The units described as separate parts may or may not be physically separate, and parts displayed as units may or may not be physical units, may be located in one place, or may be distributed on a plurality of network units. Some or all of the units can be selected according to actual needs to achieve the purpose of the solution of the embodiment.
In addition, functional units in the embodiments of the present application may be integrated into one processing unit, or each unit may exist alone physically, or two or more units are integrated into one unit. The integrated unit can be realized in a form of hardware, and can also be realized in a form of a software functional unit.

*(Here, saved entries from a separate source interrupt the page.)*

(* In every execution of the protocol Fever, the following two properties hold. (1) If a correct processor is in view $v$ at time $\mathtt t$ and in view $v'$ at a time $\mathtt t'\ge\mathtt t$, then $v'\ge v$. (2) If $v$ is initial and $0<j<k$, then no QC for view $v+j$ is formed before a QC for view $v+j-1$ has been formed.
   Context: Model. There is a set $\Pi=\{p_0,\dots,p_{n-1}\}$ of $n$ processors, and $t$ is the largest integer $<n/3$. At most $t$ processors are Byzantine (arbitrary behaviour); the others are correct. Authenticated channels, unforgeable signatures and threshold signatures are assumed. Each processor $p$ has a local clock $c(p)$. All clocks advance at the same rate as real time, except when the protocol forwards them. $\Gamma>0$ is a known constant. Underlying protocol. Views $v\in\mathbb N_{\ge0}$; a fixed integer $k\ge3$; $\mathtt{lead}(v)=p_i$ with $i=\lfloor v/k\rfloor\bmod n$; $v$ is initial iff $v\bmod k=0$. A quorum certificate (QC) for view $v$ is a threshold signature of $n-t$ distinct processors, and a correct processor contributes to a QC for view $v$ only while in view $v$. Protocol Fever. Set $\mathtt c_v=\Gamma v$. Each correct processor $p$ keeps a current view (initially $0$) and behaves as follows. (a) When $c(p)=\mathtt c_v$ for an initial view $v$, $p$ enters view $v$ and sends a $\mathtt{view}\ v$ message to $\mathtt{lead}(v)$. (b) Upon first seeing a QC for a view $v'$ at least its current view, $p$ enters view $v'+1$, and if $c(p)<\mathtt c_{v'+1}$ it sets $c(p):=\mathtt c_{v'+1}$. (c) Upon first seeing a view certificate (VC) for an initial view $v'$ greater than its current view, $p$ enters view $v'$, and if $c(p)<\mathtt c_{v'}$ it sets $c(p):=\mathtt c_{v'}$. (d) If $p=\mathtt{lead}(v')$ for some $v'$ at least its current view, then upon first receiving $\mathtt{view}\ v'$ messages from $t+1$ distinct processors, $p$ forms a VC (threshold signature) for $v'$ and sends it to all processors. A non-initial view is entered by a correct processor only via rule (b). *)

From HB Require Import structures.
From mathcomp Require Import all_boot all_order all_algebra.
From mathcomp Require Import reals.
Set Implicit Arguments. Unset Strict Implicit. Unset Printing Implicit Defensive.
Import Order.TTheory GRing.Theory Num.Theory.
Local Open Scope ring_scope.

(* t = largest integer < n/3 (for n >= 1): t = (n-1) div 3 *)
Definition fault_bound (n : nat) : nat := (n.-1 %/ 3)%N.

Section Fever.
Variable R : realType.
Variable n : nat.

(* Global state: real time, current view and local clock of every processor
   (only meaningful for correct processors). *)
Record state := mkState {
  st_time  : R;
  st_view  : 'I_n -> nat;
  st_clock : 'I_n -> R }.

Inductive event :=
| Elapse     of R
| TimerEnter of 'I_n & nat          (* rule (a): p enters initial view v, sends [view v] to lead(v) *)
| QCEnter    of 'I_n & nat          (* rule (b): p sees a QC for v', enters v'+1 *)
| VCEnter    of 'I_n & nat          (* rule (c): p sees a VC for initial v', enters v' *)
| Share      of 'I_n & nat          (* p contributes its signature share to a QC for view v *)
| FormVC     of nat & {set 'I_n}    (* a VC for v is formed from [view v] msgs of the set S *)
| FormQC     of nat & {set 'I_n}.   (* a QC for v is formed from shares of the set S *)

Variable k : nat.
Variable Gamma : R.
Variable F : {set 'I_n}.            (* the Byzantine processors *)

Definition cv (v : nat) : R := Gamma * v%:R.
Definition initial (v : nat) : bool := (v %% k == 0)%N.
Definition is_lead (p : 'I_n) (v : nat) : bool := (nat_of_ord p == (v %/ k) %% n)%N.

Definition upd {T : Type} (f : 'I_n -> T) (p : 'I_n) (x : T) : 'I_n -> T :=
  fun q => if q == p then x else f q.

Definition next (s : state) (e : event) : state :=
  match e with
  | Elapse d => mkState (st_time s + d) (st_view s) (fun p => st_clock s p + d)
  | TimerEnter p v => mkState (st_time s) (upd (st_view s) p v) (st_clock s)
  | QCEnter p v' => mkState (st_time s) (upd (st_view s) p v'.+1)
                      (upd (st_clock s) p (Num.max (st_clock s p) (cv v'.+1)))
  | VCEnter p v' => mkState (st_time s) (upd (st_view s) p v')
                      (upd (st_clock s) p (Num.max (st_clock s p) (cv v')))
  | _ => s
  end.

Definition QC_formed_at (ev : nat -> event) (i v : nat) : Prop :=
  exists S, ev i = FormQC v S.
Definition VC_formed_at (ev : nat -> event) (i v : nat) : Prop :=
  exists S, ev i = FormVC v S.

Definition enabled (ev : nat -> event) (i : nat) (s : state) : Prop :=
  match ev i with
  | Elapse d => 0 <= d
  | TimerEnter p v => p \notin F /\ initial v /\ st_clock s p = cv v
  | QCEnter p v' =>
      p \notin F /\ (exists j, (j < i)%N /\ QC_formed_at ev j v') /\ (st_view s p <= v')%N
  | VCEnter p v' =>
      [/\ p \notin F, initial v', exists j, (j < i)%N /\ VC_formed_at ev j v'
        & (st_view s p < v')%N]
  | Share p v => p \notin F /\ st_view s p = v
  | FormVC v Sg =>
      [/\ ((fault_bound n).+1 <= #|Sg|)%N,
          (forall q, q \in Sg -> q \in F \/ exists j, (j < i)%N /\ ev j = TimerEnter q v)
        & (forall p, is_lead p v -> p \notin F -> st_view s p <= v)%N]
  | FormQC v Sg =>
      (n - fault_bound n <= #|Sg|)%N /\
      (forall q, q \in Sg -> q \in F \/ exists j, (j < i)%N /\ ev j = Share q v)
  end.

(* An (infinite; finite ones can be padded with [Elapse 0]) execution of Fever:
   s i is the state before step i, ev i the i-th step. *)
Definition execution (ev : nat -> event) (s : nat -> state) : Prop :=
  (forall p, st_view (s 0%N) p = 0%N) /\
  (forall i, enabled ev i (s i) /\ s i.+1 = next (s i) (ev i)).

End Fever.

From Pilot Require Import Defs.
From HB Require Import structures.
From mathcomp Require Import all_boot all_order all_algebra.
From mathcomp Require Import reals.
From mathcomp Require Import zify.
Import Order.TTheory GRing.Theory Num.Theory.

Set Implicit Arguments.
Unset Strict Implicit.
Unset Printing Implicit Defensive.

(* Views only grow: rules (b) and (c) only move to larger views, and rule (a)
   enters v when the clock reads cv v, while the invariant cv (view p) <= clock p
   (clocks never go back) shows that the current view is then at most v.
   A QC for a non-initial view v + j needs a share from some correct processor,
   which must then be in view v + j; since views start at 0 and v + j is not
   initial, that processor entered v + j by rule (b), after seeing a QC for
   v + j - 1. *)

Lemma exists_notin_of_card_lt (T : finType) (A B : {set T}) :
  (#|B| < #|A|)%N -> exists2 x, x \in A & x \notin B.
Proof.
move=> ltBA; case: (boolP (A \subset B)) => [/subset_leq_card leAB | /subsetPn //].
by move: (leq_trans ltBA leAB); rewrite ltnn.
Qed.

Lemma exists_step_into (f : nat -> nat) (a N : nat) :
  f 0%N <> a -> f N = a -> exists2 m, (m < N)%N & f m <> a /\ f m.+1 = a.
Proof.
elim: N => [|N IH] f0 fN; first by rewrite fN in f0.
case: (eqVneq (f N) a) => [/(IH f0) [m ltmN fm] | fNa]; first by exists m => //; apply: ltnW.
by exists N => //; split => //; apply/eqP.
Qed.

Lemma noninitial_shift (k v j : nat) :
  initial k v -> (0 < j < k)%N -> ~~ initial k (v + j).
Proof.
move=> /eqP vk0 /andP [j0 jk].
by rewrite /initial -modnDml vk0 add0n modn_small // -lt0n.
Qed.

Lemma fault_bound_lt_quorum (n : nat) :
  (0 < n)%N -> (fault_bound n < n - fault_bound n)%N.
Proof. rewrite /fault_bound; lia. Qed.

Section Execution.
Variables (R : realType) (n k : nat) (Gamma : R) (F : {set 'I_n}).
Variables (ev : nat -> event R n) (s : nat -> state R n).
Hypothesis Gamma_gt0 : (0 < Gamma)%R.
Hypothesis exec : execution k Gamma F ev s.

Let view_init : forall p, st_view (s 0%N) p = 0%N := exec.1.
Let step i : enabled k Gamma F ev i (s i) /\ s i.+1 = Defs.next Gamma (s i) (ev i) :=
  exec.2 i.

Lemma ler_cv (a b : nat) : (cv Gamma a <= cv Gamma b)%R = (a <= b)%N.
Proof. by rewrite /cv ler_pM2l // ler_nat. Qed.

(* The max with 0 covers view 0, whose starting clock may be negative. *)
Lemma cv_view_le_clock i p :
  (cv Gamma (st_view (s i) p) <= Num.max (st_clock (s i) p) 0)%R.
Proof.
elim: i p => [|i IH] p; first by rewrite view_init /cv mulr0 le_max lexx orbT.
have [en ->] := step i; move: en (IH p); rewrite /enabled /Defs.next.
case: (ev i) => [d|q v|q v|q v|q v|v S|v S] //=; rewrite /upd.
- move=> d_ge0 /le_trans; apply.
  by rewrite ge_max !le_max lexx orbT andbT lerDl d_ge0.
- by move=> [_ [_ clock_q]] IHp; case: ifP => [/eqP -> | //]; rewrite clock_q le_max lexx.
- by move=> _ IHp; case: ifP => // _; rewrite !le_max lexx !orbT.
- by move=> _ IHp; case: ifP => // _; rewrite !le_max lexx !orbT.
Qed.

Lemma view_step_mono i p : (st_view (s i) p <= st_view (s i.+1) p)%N.
Proof.
have [en ->] := step i; move: en (cv_view_le_clock i p); rewrite /enabled /Defs.next.
case: (ev i) => [d|q v|q v|q v|q v|v S|v S] //=; rewrite /upd.
- move=> [_ [_ clock_q]]; case: ifP => [/eqP -> | //].
  have cv_ge0 : (0 <= cv Gamma v)%R by rewrite /cv mulr_ge0 // ltW.
  by rewrite clock_q (max_idPl cv_ge0) ler_cv.
- by move=> [_ [_ view_le]]; case: ifP => [/eqP -> _ | //]; apply: (leq_trans view_le).
- by move=> [_ _ _ view_lt]; case: ifP => [/eqP -> _ | //]; apply: ltnW.
Qed.

Lemma view_mono p : {homo (fun i => st_view (s i) p) : i j / (i <= j)%N}.
Proof. exact: homo_leq leqnn leq_trans (fun i => view_step_mono i p). Qed.

Lemma view_entered_by_QC m q w :
  ~~ initial k w -> st_view (s m) q <> w -> st_view (s m.+1) q = w ->
  exists2 j, (j < m)%N & QC_formed_at ev j w.-1.
Proof.
move=> w_noninit view_m; have [en ->] := step m; move: en; rewrite /enabled /Defs.next.
case: (ev m) => [d|p v|p v|p v|p v|v S|v S] //=; rewrite /upd; case: ifP => // _.
- by move=> [_ [v_init _]] v_w; rewrite -v_w v_init in w_noninit.
- by move=> [_ [[j [ltjm QCj]] _]] <-; exists j.
- by move=> [_ v_init _ _] v_w; rewrite -v_w v_init in w_noninit.
Qed.

Lemma QC_for_noninitial_view i q w :
  ~~ initial k w -> st_view (s i) q = w ->
  exists2 j, (j < i)%N & QC_formed_at ev j w.-1.
Proof.
move=> w_noninit view_i.
have view0 : st_view (s 0%N) q <> w.
  by rewrite view_init => w0; rewrite -w0 /initial mod0n in w_noninit.
have [m ltmi [view_m view_m1]] :=
  exists_step_into (f := fun i => st_view (s i) q) view0 view_i.
have [j ltjm QCj] := view_entered_by_QC w_noninit view_m view_m1.
by exists j => //; apply: ltn_trans ltmi.
Qed.

Lemma QC_has_correct_share i v :
  (0 < n)%N -> (#|F| <= fault_bound n)%N -> QC_formed_at ev i v ->
  exists q, [/\ q \notin F & exists2 j, (j < i)%N & st_view (s j) q = v].
Proof.
move=> n_gt0 F_le [S evi]; have [en _] := step i.
move: en; rewrite /enabled evi => -[card_S signers].
have [q qS qF] : exists2 q, q \in S & q \notin F.
  apply: exists_notin_of_card_lt.
  exact: leq_ltn_trans F_le (leq_trans (fault_bound_lt_quorum n_gt0) card_S).
exists q; split => //; have [|[j [ltji evj]]] := signers q qS; first by rewrite (negbTE qF).
exists j => //; have [en _] := step j; move: en; rewrite /enabled evj.
by case.
Qed.

End Execution.

Theorem mainTheorem4 (R : realType) (n k : nat) (Gamma : R) (F : {set 'I_n})
    (ev : nat -> event R n) (s : nat -> state R n) :
  (0 < n)%N -> (3 <= k)%N -> (0 < Gamma)%R -> (#|F| <= fault_bound n)%N ->
  execution k Gamma F ev s ->
  (forall (p : 'I_n) (i j : nat), p \notin F -> (i <= j)%N ->
     (st_view (s i) p <= st_view (s j) p)%N) /\
  (forall (v j i : nat), initial k v -> (0 < j < k)%N ->
     QC_formed_at ev i (v + j) ->
     exists i', (i' < i)%N /\ QC_formed_at ev i' (v + j - 1)).
Proof.
move=> n_gt0 _ Gamma_gt0 F_le exec; split.
  by move=> p i j _; apply: (view_mono Gamma_gt0 exec).
move=> v j i v_init j_bounds QCi.
have [q [_ [i1 lti1i view_q]]] := QC_has_correct_share exec n_gt0 F_le QCi.
have [i' lti'i1 QCi'] :=
  QC_for_noninitial_view exec (noninitial_shift v_init j_bounds) view_q.
by exists i'; split; [apply: ltn_trans lti1i | rewrite subn1].
Qed.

The integrated unit, if implemented in the form of a software functional unit and sold or used as a stand-alone product, may be stored in a computer readable storage medium. Based on such understanding, all or part of the processes in the methods of the embodiments described above can be implemented by a computer program, which can be stored in a computer-readable storage medium and can implement the steps of the embodiments of the methods described above when the computer program is executed by a processor. Wherein the computer program comprises computer program code, which may be in the form of source code, object code, an executable file or some intermediate form, etc. The computer readable medium may include at least: any entity or apparatus capable of carrying computer program code to a terminal device, recording medium, computer Memory, Read-Only Memory (ROM), Random-Access Memory (RAM), electrical carrier wave signals, telecommunications signals, and software distribution medium. Such as a usb-disk, a removable hard disk, a magnetic or optical disk, etc. In certain jurisdictions, computer-readable media may not be an electrical carrier signal or a telecommunications signal in accordance with legislative and patent practice.
The above-mentioned embodiments are only used for illustrating the technical solutions of the present application, and not for limiting the same; although the present application has been described in detail with reference to the foregoing embodiments, it should be understood by those of ordinary skill in the art that: the technical solutions described in the foregoing embodiments may still be modified, or some technical features may be equivalently replaced; such modifications and substitutions do not substantially depart from the spirit and scope of the embodiments of the present application and are intended to be included within the scope of the present application.